Fast CPU decoding


(jean.senellart) #1

Hello all!

It has been a long time I have been a bit disconnected from the forum working on some other projects. Sorry for that, I will do my best to catch up and I wanted to share some update here in this post and the following…

First, we did submit a system to - on the CPU track. A draft of our system description is here: Our goal was to try to build a tiny but still performant model and we achieved that by combining multiple techniques:

  • training a strong transformer model then distillation on a simple RNN
  • minimization of the model - our tiny model is GRU-based, 2 layer encoder, and one single layer decoder. This is a very small and simple model, but thanks to distillation, keeps a very good performance
  • introduction of vocabulary mapping which is a dynamic target vocabulary reduction. This is equivalent to the subdict option we already introduced long time ago in the lua code (but that we never really used). Also we essentially fine-tuned the vmap extraction process
  • introduction of quantization techniques
  • running everything with CTranslate

The result was quite conclusive since we managed to get a system running at 1000 words per second on one single core (the fastest CPU submission) while keeping a score under control and with a model size of… 75Mb.

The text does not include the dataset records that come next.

Definition admissible (R : realType) (n : nat) (I : Type) (P : I -> Prop)
  (g : I -> metric R n) : Prop :=
  (forall tau, P tau -> forall X, 1 <= gain (g tau) X) /\
  (exists C1 : R, 0 < C1 /\ forall tau, P tau -> forall X Y : phase R n,
       g tau X (X - Y) <= C1^-1 -> ratio_le (g tau) X Y C1) /\
  (exists C2 N2 : R, 0 < C2 /\ 0 < N2 /\ forall tau, P tau ->
     forall X Y : phase R n,
       ratio_le (g tau) X Y (C2 * (1 + dual_metric (g tau) X (X - Y)) `^ N2)).

Definition gA9 (R : realType) (d1 d2 : nat) (tau : R * R) :
  metric R (d1 + d2) :=
  fun X T =>
    let q1 := lsubmx X.1 in
    let Tq1 := lsubmx T.1 in
    let Tq2 := rsubmx T.1 in
    tau.1 * sqn Tq1 / (1 + sqn (Num.sqrt tau.1 *: q1)) +
    tau.2 * sqn Tq2 +
    tau.1 * tau.2 * sqn T.2 / (1 + sqn (Num.sqrt (tau.1 * tau.2) *: X.2)).

Definition unit_square (R : realType) (tau : R * R) : Prop :=
  0 < tau.1 <= 1 /\ 0 < tau.2 <= 1.

(** [g_tau] is diagonal in the coordinates (q, p) with weights in (0, 1]:
    [g_X = sum_i a_i(X) dq_i^2 + b_i(X) dp_i^2].  For such a metric the dual
    metric dominates [sum_i dp_i^2 / a_i + dq_i^2 / b_i], which dominates both
    [g_X] and the Euclidean norm because all weights are at most 1; the first
    gives the uncertainty principle.  The weights of [g_tau] are [tau''] and
    [c / <sqrt c x>^2] with [(c, x) = (tau', q')] or [(tau' tau'', p)].
    Between [X] and [Y] such a weight changes at most by the factor 4 when
    [g_X(X - Y) <= 1/4] (slowness), and in general at most by Peetre's factor
    [2 (1 + |x - y|^2) <= 2 (1 + g^sigma_X(X - Y))] (temperance). *)
From mathcomp Require Import all_boot all_order all_algebra.
From mathcomp Require Import all_classical all_reals all_analysis.
From mathcomp Require Import ring lra.
Import Order.TTheory GRing.Theory Num.Theory.
Set Implicit Arguments. Unset Strict Implicit. Unset Printing Implicit Defensive.
Local Open Scope ring_scope.
Local Open Scope classical_set_scope.

Section Preliminaries.
Variable R : realType.

Definition within_factor (K x y : R) : Prop := x <= K * y /\ y <= K * x.

Lemma within_factor_refl (K x : R) : 1 <= K -> 0 <= x -> within_factor K x x.
Proof. by move=> K1 x0; split; rewrite ler_peMl. Qed.

Lemma am_gm_weighted (w t x y : R) : 0 < w ->
  2 * t * x * y <= t ^+ 2 * (x ^+ 2 / w) + w * y ^+ 2.
Proof.
move=> w0.
have -> : t ^+ 2 * (x ^+ 2 / w) + w * y ^+ 2 = 2 * t * x * y + (t * x - w * y) ^+ 2 / w.
  by field; rewrite gt_eqF.
by rewrite lerDl divr_ge0 // ?sqr_ge0 ?ltW.
Qed.

Lemma sqr_le_sqr_div (w x : R) : 0 < w -> w <= 1 -> x ^+ 2 <= x ^+ 2 / w.
Proof. by move=> w0 w1; rewrite ler_pdivlMr // ler_piMr ?sqr_ge0. Qed.

Lemma sqn_ge0 m (v : 'rV[R]_m) : 0 <= sqn v.
Proof. by apply: sumr_ge0 => i _; rewrite sqr_ge0. Qed.

Lemma sqnZ m c (v : 'rV[R]_m) : sqn (c *: v) = c ^+ 2 * sqn v.
Proof. by rewrite /sqn mulr_sumr; apply: eq_bigr => i _; rewrite mxE exprMn. Qed.

Lemma sqn_subC m (u v : 'rV[R]_m) : sqn (u - v) = sqn (v - u).
Proof. by rewrite -opprB -scaleN1r sqnZ sqrrN expr1n mul1r. Qed.

Lemma sqn_split m1 m2 (v : 'rV[R]_(m1 + m2)) :
  sqn v = sqn (lsubmx v) + sqn (rsubmx v).
Proof.
by rewrite /sqn big_split_ord; congr (_ + _); apply: eq_bigr => i _; rewrite mxE.
Qed.

Lemma sqn_le_sub m (u v : 'rV[R]_m) : sqn v <= 2 * sqn u + 2 * sqn (u - v).
Proof.
rewrite /sqn !mulr_sumr -big_split /=; apply: ler_sum => i _; rewrite !mxE.
by have := sqr_ge0 (2 * u ord0 i - v ord0 i); nra.
Qed.

Lemma phase_eq0 n (T : phase R n) :
  (forall i, T.1 ord0 i = 0 /\ T.2 ord0 i = 0) -> T = 0.
Proof.
case: T => q p T0; congr pair; apply/rowP => i; rewrite mxE; by case: (T0 i).
Qed.

End Preliminaries.

Section JapaneseBracketWeight.
Variable R : realType.

(* [jweight c |x|^2 = c / <sqrt c x>^2]. *)
Definition jweight (c s : R) : R := c / (1 + c * s).

Lemma jweight_gt0 (c s : R) : 0 < c -> 0 <= s -> 0 < jweight c s.
Proof. by move=> c0 s0; rewrite divr_gt0 // ltr_pwDl // mulr_ge0 // ltW. Qed.

Lemma jweight_le1 (c s : R) : 0 < c -> c <= 1 -> 0 <= s -> jweight c s <= 1.
Proof.
move=> c0 c1 s0; have cs0 : 0 <= c * s by rewrite mulr_ge0 // ltW.
by rewrite ler_pdivrMr ?mul1r; lra.
Qed.

Lemma jweight_le_factor (K c s r : R) : 0 < c -> 0 <= s -> 0 <= r ->
  1 + c * r <= K * (1 + c * s) -> jweight c s <= K * jweight c r.
Proof.
move=> c0 s0 r0 H; have cs0 : 0 < 1 + c * s by rewrite ltr_pwDl // mulr_ge0 // ltW.
have cr0 : 0 < 1 + c * r by rewrite ltr_pwDl // mulr_ge0 // ltW.
rewrite /jweight mulrA ler_pdivrMr // mulrAC ler_pdivlMr //.
by rewrite [K * c]mulrC -mulrA ler_wpM2l // ltW.
Qed.

Lemma jweight_slow m (c : R) (x y : 'rV[R]_m) : 0 < c ->
  jweight c (sqn x) * sqn (x - y) <= 4^-1 ->
  within_factor 4 (jweight c (sqn x)) (jweight c (sqn y)).
Proof.
move=> c0 small.
have sx := sqn_ge0 x; have sy := sqn_ge0 y; have se := sqn_ge0 (x - y).
have ce : c * sqn (x - y) <= (1 + c * sqn x) / 4.
  have cx0 : 0 < 1 + c * sqn x by rewrite ltr_pwDl // mulr_ge0 // ltW.
  by move: small; rewrite /jweight mulrAC ler_pdivrMr // [4^-1 * _]mulrC.
have cy : c * sqn y <= 2 * (c * sqn x) + 2 * (c * sqn (x - y)).
  by have := ler_wpM2l (ltW c0) (sqn_le_sub x y); lra.
have cx : c * sqn x <= 2 * (c * sqn y) + 2 * (c * sqn (x - y)).
  by have := ler_wpM2l (ltW c0) (sqn_le_sub y x); rewrite [sqn (y - x)]sqn_subC; lra.
have cx0 : 0 <= c * sqn x by rewrite mulr_ge0 // ltW.
have cy0 : 0 <= c * sqn y by rewrite mulr_ge0 // ltW.
by split; apply: jweight_le_factor => //; lra.
Qed.

Lemma jweight_temperate m (c Q : R) (x y : 'rV[R]_m) : 0 < c -> c <= 1 ->
  1 + sqn (x - y) <= Q ->
  within_factor (2 * Q) (jweight c (sqn x)) (jweight c (sqn y)).
Proof.
move=> c0 c1 HQ.
have sx := sqn_ge0 x; have sy := sqn_ge0 y; have se := sqn_ge0 (x - y).
have ce : c * sqn (x - y) <= sqn (x - y) by rewrite ler_piMl.
(* Peetre's inequality [<x> <= sqrt 2 <x - y> <y>], squared and scaled by [c]. *)
have peetre u v : sqn v <= 2 * sqn u + 2 * sqn (x - y) ->
    1 + c * sqn v <= 2 * Q * (1 + c * sqn u).
  move=> uv; have su := sqn_ge0 u; have sv := sqn_ge0 v.
  have cu0 : 0 <= c * sqn u by rewrite mulr_ge0 // ltW.
  have cv : c * sqn v <= 2 * (c * sqn u) + 2 * (c * sqn (x - y)).
    by have := ler_wpM2l (ltW c0) uv; lra.
  have ceu : 0 <= c * sqn (x - y) * (c * sqn u) by rewrite !mulr_ge0 // ltW.
  have : (1 + c * sqn (x - y)) * (1 + c * sqn u) <= Q * (1 + c * sqn u).
    by rewrite ler_wpM2r //; lra.
  nra.
split; apply: jweight_le_factor => //; apply: peetre; first exact: sqn_le_sub.
by rewrite sqn_subC sqn_le_sub.
Qed.

End JapaneseBracketWeight.

Section DiagonalMetric.
Variables (R : realType) (n : nat) (a b : phase R n -> 'I_n -> R).
Hypotheses (a_gt0 : forall X i, 0 < a X i) (b_gt0 : forall X i, 0 < b X i).
Hypotheses (a_le1 : forall X i, a X i <= 1) (b_le1 : forall X i, b X i <= 1).
Implicit Types X T : phase R n.

Definition diag_metric : metric R n := fun X T =>
  \sum_(i < n) (a X i * T.1 ord0 i ^+ 2 + b X i * T.2 ord0 i ^+ 2).

Definition diag_dual X T : R :=
  \sum_(i < n) (T.2 ord0 i ^+ 2 / a X i + T.1 ord0 i ^+ 2 / b X i).

Lemma diag_term_ge0 X T i :
  0 <= a X i * T.1 ord0 i ^+ 2 /\ 0 <= b X i * T.2 ord0 i ^+ 2.
Proof. by split; rewrite mulr_ge0 ?sqr_ge0 // ltW. Qed.

Lemma diag_metric_ge0 X T : 0 <= diag_metric X T.
Proof. by apply: sumr_ge0 => i _; have [] := diag_term_ge0 X T i; apply: addr_ge0. Qed.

All of the features we used are already in the code or are on the way.

In the other submissions from other participants, there is however also an impressive tiny transformer implementation - probably based on this work: - already on our todo list!

Also as a heads-up, we are also currently working on a new version of CTranslate which will extend its scope beyond lua models and will come with these optimization techniques. @guillaumekln will come back to you soon with more good news!


Why Lua/Torch? (Please don't hate me for this question.)